*** Opening of DATA EXTRACT ***
Lemma ltn_mixed_radix a b x y A : x < A -> y < A ->
  (a * A + x < b * A + y) = (a < b) || ((a == b) && (x < y)).
Proof.
have lt_digit c d z t : c < d -> z < A -> c * A + z < d * A + t.
  move=> lt_cd lt_zA; apply: (@leq_trans (c.+1 * A)).
    by rewrite mulSn addnC ltn_add2r.
  exact: leq_trans (leq_mul lt_cd (leqnn A)) (leq_addr _ _).
move=> xA yA; case: (ltngtP a b) => [lt_ab | lt_ba | ->] /=.
- exact: lt_digit.
- by apply/negbTE; rewrite -leqNgt ltnW // lt_digit.
- by rewrite ltn_add2l.
Qed.

Section LevelSets.
Variable V : finType.
Notation W := (world V).

Definition level_sets (f : W -> nat) (a : nat) : seq {set W} :=
  mkseq (fun k => [set w | f w == k]) a.

Variables (f : W -> nat) (a : nat).
Hypothesis f_lt : forall w, f w < a.

Lemma nth_level_sets k :
  k < a -> nth set0 (level_sets f a) k = [set w | f w == k].
Proof. by move=> lt_ka; rewrite nth_mkseq. Qed.

Lemma full_level_sets : full (level_sets f a).
Proof.
apply/eqP/setP => w; rewrite inE bigcup_seq; apply/bigcupP.
exists (nth set0 (level_sets f a) (f w)); first by rewrite mem_nth ?size_mkseq.
by rewrite nth_level_sets // inE.
Qed.

Lemma revise_level_sets g b :
  revise (level_sets f a) (level_sets g b)
  = level_sets (fun w => g w * a + f w) (b * a).
Proof.
rewrite /revise full_level_sets.
elim: b => [//|b IH].
rewrite [level_sets g _]/level_sets mkseqS -cats1 map_cat flatten_cat -/(level_sets g b) IH.
rewrite /= cats0 /level_sets mulSn addnC /mkseq iotaD map_cat add0n; congr cat.
rewrite -[b * a]addn0 iotaDl -!map_comp; apply/eq_in_map => k.
rewrite mem_iota add0n => /= lt_ka; apply/setP => w; rewrite !inE.
apply/andP/eqP => [[/eqP -> /eqP ->] // | code_w].
have f_w : f w = k by have := congr1 (modn^~ a) code_w; rewrite /= !modnMDl !modn_small.
have a_gt0 : 0 < a by apply: leq_ltn_trans lt_ka.
rewrite f_w eqxx; split=> //; move: code_w; rewrite f_w => /addIn/eqP.
by rewrite eqn_pmul2r.
Qed.

Variant rank_level_spec (th : form V) : option nat -> Prop :=
  | RankNone of (forall w, ~~ sat w th) : rank_level_spec th None
  | RankSome w of sat w th & (forall u, sat u th -> f w <= f u) :
      rank_level_spec th (Some (f w)).

Lemma rank_level_setsP th : rank_level_spec th (rank (level_sets f a) th).
Proof.
rewrite /rank; case: ifPn => [has_th | /hasPn no_th].
  have lt_find : find (hits th) (level_sets f a) < a.
    by move: has_th; rewrite has_find size_mkseq.
  have min_find u : sat u th -> find (hits th) (level_sets f a) <= f u.
    move=> su; rewrite leqNgt; apply/negP => lt_u.
    have := before_find set0 lt_u; rewrite nth_level_sets //.
    by move/existsPn/(_ u); rewrite inE eqxx su.
  have /existsP [w /andP [wk sw]] := nth_find set0 has_th.
  move: wk; rewrite nth_level_sets // inE => /eqP f_w.
  by rewrite -f_w; apply: RankSome sw _ => u; rewrite f_w; apply: min_find.
constructor => w; apply/negP => sw.
have /no_th : nth set0 (level_sets f a) (f w) \in level_sets f a.
  by rewrite mem_nth ?size_mkseq.
by rewrite nth_level_sets // => /existsPn/(_ w); rewrite inE eqxx sw.
Qed.

Lemma seq_cons_level_sets th ph :
  seq_cons (level_sets f a) th ph <->
  (forall w, sat w th -> (forall u, sat u th -> f w <= f u) -> sat w ph).
Proof.
rewrite /seq_cons; case: rank_level_setsP => [no_th | w sw min_w].
  by rewrite orbT; split=> // _ w sw; rewrite (negbTE (no_th w)) in sw.
rewrite orbF; case: rank_level_setsP => [no_cex | v /andP [sv nv] min_v] /=.
  by split=> // _ u su _; have := no_cex u; rewrite /= su negbK.
split=> [lt_wv u su min_u | H].
  apply/negPn/negP => nu; have := min_v u; rewrite /= su nu => /(_ isT) le_vu.
  by have := leq_trans le_vu (min_u w sw); rewrite leqNgt lt_wv.
rewrite ltn_neqAle min_w ?sv // andbT; apply: contraNneq nv => eq_wv.
by apply: H => // u su; rewrite -eq_wv; apply: min_w.
Qed.

End LevelSets.

Lemma Uvec_level_sets (V : finType) (E : seq (form V)) : consistent E ->
  Uvec E = level_sets (fun w => size E - count (sat w) E) (size E).+1.
Proof.
move=> cE; rewrite /Uvec cE; apply/eq_in_map => k; rewrite mem_iota => /andP [_ lt_k].
apply/setP => w; rewrite !inE; have le_count := count_size (sat w) E.
by apply/eqP/eqP; lia.
Qed.

Section RevisedUvec.
Variables (V : finType) (E : nat -> seq (form V)).
Hypothesis consistent_E : forall i, consistent (E i).

Definition falsified i (w : world V) := size (E i) - count (sat w) (E i).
*** Close of DATA EXTRACT ***
Repeat the data exactly. Leave nothing out.

Lemma ltn_mixed_radix a b x y A : x < A -> y < A ->
  (a * A + x < b * A + y) = (a < b) || ((a == b) && (x < y)).
Proof.
have lt_digit c d z t : c < d -> z < A -> c * A + z < d * A + t.
  move=> lt_cd lt_zA; apply: (@leq_trans (c.+1 * A)).
    by rewrite mulSn addnC ltn_add2r.
  exact: leq_trans (leq_mul lt_cd (leqnn A)) (leq_addr _ _).
move=> xA yA; case: (ltngtP a b) => [lt_ab | lt_ba | ->] /=.
- exact: lt_digit.
- by apply/negbTE; rewrite -leqNgt ltnW // lt_digit.
- by rewrite ltn_add2l.
Qed.

Section LevelSets.
Variable V : finType.
Notation W := (world V).

Definition level_sets (f : W -> nat) (a : nat) : seq {set W} :=
  mkseq (fun k => [set w | f w == k]) a.

Variables (f : W -> nat) (a : nat).
Hypothesis f_lt : forall w, f w < a.

Lemma nth_level_sets k :
  k < a -> nth set0 (level_sets f a) k = [set w | f w == k].
Proof. by move=> lt_ka; rewrite nth_mkseq. Qed.

Lemma full_level_sets : full (level_sets f a).
Proof.
apply/eqP/setP => w; rewrite inE bigcup_seq; apply/bigcupP.
exists (nth set0 (level_sets f a) (f w)); first by rewrite mem_nth ?size_mkseq.
by rewrite nth_level_sets // inE.
Qed.

Lemma revise_level_sets g b :
  revise (level_sets f a) (level_sets g b)
  = level_sets (fun w => g w * a + f w) (b * a).
Proof.
rewrite /revise full_level_sets.
elim: b => [//|b IH].
rewrite [level_sets g _]/level_sets mkseqS -cats1 map_cat flatten_cat -/(level_sets g b) IH.
rewrite /= cats0 /level_sets mulSn addnC /mkseq iotaD map_cat add0n; congr cat.
rewrite -[b * a]addn0 iotaDl -!map_comp; apply/eq_in_map => k.
rewrite mem_iota add0n => /= lt_ka; apply/setP => w; rewrite !inE.
apply/andP/eqP => [[/eqP -> /eqP ->] // | code_w].
have f_w : f w = k by have := congr1 (modn^~ a) code_w; rewrite /= !modnMDl !modn_small.
have a_gt0 : 0 < a by apply: leq_ltn_trans lt_ka.
rewrite f_w eqxx; split=> //; move: code_w; rewrite f_w => /addIn/eqP.
by rewrite eqn_pmul2r.
Qed.

Variant rank_level_spec (th : form V) : option nat -> Prop :=
  | RankNone of (forall w, ~~ sat w th) : rank_level_spec th None
  | RankSome w of sat w th & (forall u, sat u th -> f w <= f u) :
      rank_level_spec th (Some (f w)).

Lemma rank_level_setsP th : rank_level_spec th (rank (level_sets f a) th).
Proof.
rewrite /rank; case: ifPn => [has_th | /hasPn no_th].
  have lt_find : find (hits th) (level_sets f a) < a.
    by move: has_th; rewrite has_find size_mkseq.
  have min_find u : sat u th -> find (hits th) (level_sets f a) <= f u.
    move=> su; rewrite leqNgt; apply/negP => lt_u.
    have := before_find set0 lt_u; rewrite nth_level_sets //.
    by move/existsPn/(_ u); rewrite inE eqxx su.
  have /existsP [w /andP [wk sw]] := nth_find set0 has_th.
  move: wk; rewrite nth_level_sets // inE => /eqP f_w.
  by rewrite -f_w; apply: RankSome sw _ => u; rewrite f_w; apply: min_find.
constructor => w; apply/negP => sw.
have /no_th : nth set0 (level_sets f a) (f w) \in level_sets f a.
  by rewrite mem_nth ?size_mkseq.
by rewrite nth_level_sets // => /existsPn/(_ w); rewrite inE eqxx sw.
Qed.

Lemma seq_cons_level_sets th ph :
  seq_cons (level_sets f a) th ph <->
  (forall w, sat w th -> (forall u, sat u th -> f w <= f u) -> sat w ph).
Proof.
rewrite /seq_cons; case: rank_level_setsP => [no_th | w sw min_w].
  by rewrite orbT; split=> // _ w sw; rewrite (negbTE (no_th w)) in sw.
rewrite orbF; case: rank_level_setsP => [no_cex | v /andP [sv nv] min_v] /=.
  by split=> // _ u su _; have := no_cex u; rewrite /= su negbK.
split=> [lt_wv u su min_u | H].
  apply/negPn/negP => nu; have := min_v u; rewrite /= su nu => /(_ isT) le_vu.
  by have := leq_trans le_vu (min_u w sw); rewrite leqNgt lt_wv.
rewrite ltn_neqAle min_w ?sv // andbT; apply: contraNneq nv => eq_wv.
by apply: H => // u su; rewrite -eq_wv; apply: min_w.
Qed.

End LevelSets.

Lemma Uvec_level_sets (V : finType) (E : seq (form V)) : consistent E ->
  Uvec E = level_sets (fun w => size E - count (sat w) E) (size E).+1.
Proof.
move=> cE; rewrite /Uvec cE; apply/eq_in_map => k; rewrite mem_iota => /andP [_ lt_k].
apply/setP => w; rewrite !inE; have le_count := count_size (sat w) E.
by apply/eqP/eqP; lia.
Qed.

Section RevisedUvec.
Variables (V : finType) (E : nat -> seq (form V)).
Hypothesis consistent_E : forall i, consistent (E i).

Definition falsified i (w : world V) := size (E i) - count (sat w) (E i).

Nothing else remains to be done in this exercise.